Lemma Qinv_Qplus k g x :
  \sum_(a < k.+1) adj (Q a) (adj (P (k - a)) g) x = g x *+ (k == 0%N).
Proof.
elim/ltn_ind: k g x => -[|c] IH g x; first by rewrite big_ord1 adj_Qplus0 Qinv0 adj_id.
have := sum_Qplus_Qinv_Qplus c.+1 g x.
rewrite big_ord_recl subn0.
under eq_bigr => b _ do rewrite (eq_adj _ (eq_adj _ (adj_Qplus0 g))).
under [X in _ + X]eq_bigr => i _ do rewrite lift0 subSS IH ?ltnS ?leq_subr //.
rewrite (sum_ord_subn_eq0 c (fun i => adj (Q i.+1) g x)) => /(canRL (addrK _)) ->.
by rewrite subrr mulr0n.
Qed.

Lemma adj_conj_coef (T : op) b g x :
  adj (conj_coef T b) g x = \sum_(a < b.+1) adj (P (b - a)) (adj T (adj (Q a) g)) x.
Proof.
rewrite adj_opsum big_map sum_iota0_ord.
by apply: eq_bigr => a _; rewrite !adj_comp.
Qed.

Lemma conj_coef_Qplus (T : op) r g x :
  \sum_(a < r.+1) adj (Q a) (adj (conj_coef T (r - a)) g) x = adj T (adj (Q r) g) x.
Proof.
under eq_bigr => a _ do rewrite (eq_adj _ (adj_conj_coef T (r - a) g)) adj_sumr.
rewrite (exchange_sum_triangle r
  (fun a b => adj (Q a) (adj (P (r - a - b)) (adj T (adj (Q b) g))) x)) /=.
rewrite -[RHS](sum_ord_subn_eq0 r (fun b => adj T (adj (Q b) g) x)).
apply: eq_bigr => b _.
by under eq_bigr => a _ do rewrite subnAC; rewrite Qinv_Qplus.
Qed.

End QplusInverse.

Section FiniteSums.
Variables (R : realType) (n : nat).
Local Notation K := (Cq R).
Local Notation part := (part n).
Local Notation vec := (vec R n).
Local Notation op := (op R n).
Local Notation Q := (@Qplus R n).

Lemma coef_support lam (v : vec) : coef lam v != 0 -> lam \in map snd v.
Proof.
apply: contraR => lam_v; rewrite /coef big1_seq // => p /andP [/eqP p_lam p_v].
by case/negP: lam_v; rewrite -p_lam map_f.
Qed.

Lemma sum_coef_mul_cover (v : vec) (f : part -> K) (U : seq part) :
  uniq U -> {subset map snd v <= U} ->
  \sum_(rho <- U) coef rho v * f rho = pairing v f.
Proof.
move=> uniq_U v_U.
under eq_bigr do rewrite /coef big_distrl big_mkcond /=.
rewrite exchange_big; apply: eq_big_seq => p p_v /=.
rewrite (bigD1_seq p.2) ?v_U ?map_f //= eqxx big1 ?addr0 // => rho.
by rewrite eq_sym => /negbTE ->.
Qed.

Lemma sum_coef_mul (v : vec) (f : part -> K) (S : seq part) : uniq S ->
  (forall rho, coef rho v * f rho != 0 -> rho \in S) ->
  \sum_(rho <- S) coef rho v * f rho = pairing v f.
Proof.
move=> uniq_S S_supp; set extra := [seq rho <- undup (map snd v) | rho \notin S].
rewrite -(sum_coef_mul_cover f (U := S ++ extra)).
- rewrite big_cat /= [X in _ = _ + X]big1_seq ?addr0 // => rho /andP [_].
  rewrite mem_filter => /andP [rho_S _].
  by apply/eqP; apply: contraNT rho_S; exact: S_supp.
- rewrite cat_uniq uniq_S filter_uniq ?undup_uniq // andbT /=.
  by apply/hasPn => rho; rewrite mem_filter => /andP [].
- move=> rho rho_v; rewrite mem_cat; case rho_S: (rho \in S) => //=.
  by rewrite mem_filter rho_S mem_undup.
Qed.

Lemma eq_fin_double_sum r (F G : nat -> part -> K) s t :
  (forall a rho, F a rho = G a rho) -> s = t ->
  fin_double_sum r G t -> fin_double_sum r F s.
Proof.
move=> eqFG -> [[S G_supp] sumG]; split.
  by exists S => a rho le_ar; rewrite eqFG; exact: G_supp.
move=> S' uniq_S' F_supp; rewrite -(sumG S' uniq_S') => [|a rho le_ar].
  by apply: eq_bigr => a _; apply: eq_bigr => rho _; rewrite eqFG.
by rewrite -eqFG; exact: F_supp.
Qed.

Lemma fin_double_sum_conj_coef (T : op) (c : K) r (lam mu : part) :
  fin_double_sum r
    (fun a rho => coef rho (Q a mu) * (c * melt lam (conj_coef T (r - a)) rho))
    (c * adj T (melt lam (Q r)) mu).
Proof.
split.
  exists (flatten [seq map snd (Q a mu) | a <- iota 0 r.+1]) => a rho le_ar.
  rewrite mulf_eq0 negb_or => /andP [/coef_support rho_a _].
  apply/flattenP; exists (map snd (Q a mu)) => //.
  by apply/mapP; exists a; rewrite // mem_iota ltnS le_ar.
move=> S uniq_S S_supp.
transitivity (\sum_(a < r.+1) c * adj (Q a) (melt lam (conj_coef T (r - a))) mu).
  apply: eq_bigr => a _; rewrite sum_coef_mul // ?pairing_scaler // => rho.
  by apply: S_supp; rewrite -ltnS.
rewrite -big_distrr /=; congr (c * _).
under eq_bigr => a _ do rewrite (eq_adj _ (melt_adj lam _)).
by rewrite conj_coef_Qplus; apply: eq_adj => y; rewrite melt_adj.
Qed.

End FiniteSums.

Section BetaOperators.
Variables (R : realType) (n : nat).
Local Notation part := (part n).

Lemma one_sub_qX_neq0 m : (0 < m)%N -> 1 - qq R ^+ m != 0.
Proof.
move=> m_gt0; have -> : 1 - qq R ^+ m = tofrac (1 - 'X^m : {poly R[i]}).
  by rewrite rmorphB rmorph1 rmorphXn.
rewrite tofrac_eq0 subr_eq0.
apply/eqP => /(congr1 (fun p : {poly R[i]} => size p)).
rewrite size_poly1 size_polyXn.
by case: m m_gt0.
Qed.

Lemma adj_beta j g (mu : part) :
  adj (beta R j) g mu = if mult mu j == 0%N then 0 else g (del_col j mu).
Proof.
rewrite /adj /beta; case: eqP => _; first exact: pairing_nil.
by rewrite pairing_cons pairing_nil mul1r addr0.
Qed.

Lemma adj_beta_star j g (mu : part) :
  adj (beta_star R j) g mu = (1 - qq R ^+ (2 * mult mu j + 2)) * g (ins_col j mu).
Proof. by rewrite /adj pairing_cons pairing_nil addr0. Qed.

Lemma signr_Nfus a (rho mu : part) : (-1) ^+ a * Nfus R a rho mu = coef rho (Qplus R a mu).
Proof. by rewrite /Nfus signrMK. Qed.

End BetaOperators.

□ □ □ □ □

#### TRY IT:
Look above for the line with "(fun a rho =>" and the line with "apply/flattenP; exists (map"; transcribe both and all lines in between, exactly, and nothing else.

#### RESPONSE BOX:
    (fun a rho => coef rho (Q a mu) * (c * melt lam (conj_coef T (r - a)) rho))
    (c * adj T (melt lam (Q r)) mu).
Proof.
split.
  exists (flatten [seq map snd (Q a mu) | a <- iota 0 r.+1]) => a rho le_ar.
  rewrite mulf_eq0 negb_or => /andP [/coef_support rho_a _].
  apply/flattenP; exists (map snd (Q a mu)) => //.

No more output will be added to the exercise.